(* Let $\mathcal{C}$ be a category and $A$ an object of $\mathcal{C}$ satisfying the axioms RC0, RC1, RC2 below, and let $G=\mathrm{Aut}(A)^{op}$. Then for every object $X$ the set $[A,X]$ with the left $G$-action $g\cdot x=x\circ g$ is a transitive $G$-set, giving a functor $[A,-]_G\colon\mathcal{C}\to t\mathcal{E}ns^G$. This functor has a left adjoint $A\times_G(-)$, given on a transitive $G$-set $E$ by $A\times_G E=A/H$ where $H=\mathrm{Fix}(x_0)=\{g: g\cdot x_0=x_0\}$ for any chosen $x_0\in E$; the unit $E\cong[A,A]/H\to[A,A/H]$ and the counit $A/\mathrm{Fix}(x)\to X$ (for $x\in[A,X]$) are isomorphisms. Hence $[A,-]_G$ and $A\times_G(-)$ establish an equivalence of categories $\mathcal{C}\simeq t\mathcal{E}ns^G$.
   Context: $t\mathcal{E}ns^G$ denotes the category of transitive (left) $G$-sets with equivariant maps. An arrow $f\colon X\to Y$ is a strict epimorphism if for every arrow $g\colon X\to Z$ compatible with $f$ (for every object $C$ and all $u,v\colon C\to X$ with $f\circ u=f\circ v$ one has $g\circ u=g\circ v$) there is a unique $k\colon Y\to Z$ with $g=k\circ f$. For a group $H$ acting on $A$ by automorphisms (a homomorphism $H\to\mathrm{Aut}(A)^{op}$), the quotient $q\colon A\to A/H$ is an arrow with $q\circ h=q$ for all $h\in H$, universal among such arrows. Axioms: RC0: for every object $X$ there exists an arrow $A\to X$, and every arrow $A\to X$ is a strict epimorphism. RC1: for every subgroup $H\subseteq\mathrm{Aut}(A)$ the quotient $q\colon A\to A/H$ exists and the map $[A,A]\to[A,A/H]$, $f\mapsto q\circ f$, is surjective with $q\circ f=q\circ g$ iff $f=h\circ g$ for some $h\in H$. RC2: $[A,A]=\mathrm{Aut}(A)$. *)

Record Category := {
  Ob :> Type;
  Hom : Ob -> Ob -> Type;
  comp : forall X Y Z : Ob, Hom Y Z -> Hom X Y -> Hom X Z;
  idm : forall X : Ob, Hom X X;
  comp_assoc : forall (X Y Z W : Ob) (f : Hom X Y) (g : Hom Y Z) (h : Hom Z W),
      comp X Z W h (comp X Y Z g f) = comp X Y W (comp Y Z W h g) f;
  comp_id_l : forall (X Y : Ob) (f : Hom X Y), comp X Y Y (idm Y) f = f;
  comp_id_r : forall (X Y : Ob) (f : Hom X Y), comp X X Y f (idm X) = f
}.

◇ ◇ ◇ ◇ ◇

## DIRECTIONS
Output every record verbatim.

## FINISHED EXERCISE
(* Let $\mathcal{C}$ be a category and $A$ an object of $\mathcal{C}$ satisfying the axioms RC0, RC1, RC2 below, and let $G=\mathrm{Aut}(A)^{op}$. Then for every object $X$ the set $[A,X]$ with the left $G$-action $g\cdot x=x\circ g$ is a transitive $G$-set, giving a functor $[A,-]_G\colon\mathcal{C}\to t\mathcal{E}ns^G$. This functor has a left adjoint $A\times_G(-)$, given on a transitive $G$-set $E$ by $A\times_G E=A/H$ where $H=\mathrm{Fix}(x_0)=\{g: g\cdot x_0=x_0\}$ for any chosen $x_0\in E$; the unit $E\cong[A,A]/H\to[A,A/H]$ and the counit $A/\mathrm{Fix}(x)\to X$ (for $x\in[A,X]$) are isomorphisms. Hence $[A,-]_G$ and $A\times_G(-)$ establish an equivalence of categories $\mathcal{C}\simeq t\mathcal{E}ns^G$.
   Context: $t\mathcal{E}ns^G$ denotes the category of transitive (left) $G$-sets with equivariant maps. An arrow $f\colon X\to Y$ is a strict epimorphism if for every arrow $g\colon X\to Z$ compatible with $f$ (for every object $C$ and all $u,v\colon C\to X$ with $f\circ u=f\circ v$ one has $g\circ u=g\circ v$) there is a unique $k\colon Y\to Z$ with $g=k\circ f$. For a group $H$ acting on $A$ by automorphisms (a homomorphism $H\to\mathrm{Aut}(A)^{op}$), the quotient $q\colon A\to A/H$ is an arrow with $q\circ h=q$ for all $h\in H$, universal among such arrows. Axioms: RC0: for every object $X$ there exists an arrow $A\to X$, and every arrow $A\to X$ is a strict epimorphism. RC1: for every subgroup $H\subseteq\mathrm{Aut}(A)$ the quotient $q\colon A\to A/H$ exists and the map $[A,A]\to[A,A/H]$, $f\mapsto q\circ f$, is surjective with $q\circ f=q\circ g$ iff $f=h\circ g$ for some $h\in H$. RC2: $[A,A]=\mathrm{Aut}(A)$. *)

Record Category := {
  Ob :> Type;
  Hom : Ob -> Ob -> Type;
  comp : forall X Y Z : Ob, Hom Y Z -> Hom X Y -> Hom X Z;
  idm : forall X : Ob, Hom X X;
  comp_assoc : forall (X Y Z W : Ob) (f : Hom X Y) (g : Hom Y Z) (h : Hom Z W),
      comp X Z W h (comp X Y Z g f) = comp X Y W (comp Y Z W h g) f;
  comp_id_l : forall (X Y : Ob) (f : Hom X Y), comp X Y Y (idm Y) f = f;
  comp_id_r : forall (X Y : Ob) (f : Hom X Y), comp X X Y f (idm X) = f
}.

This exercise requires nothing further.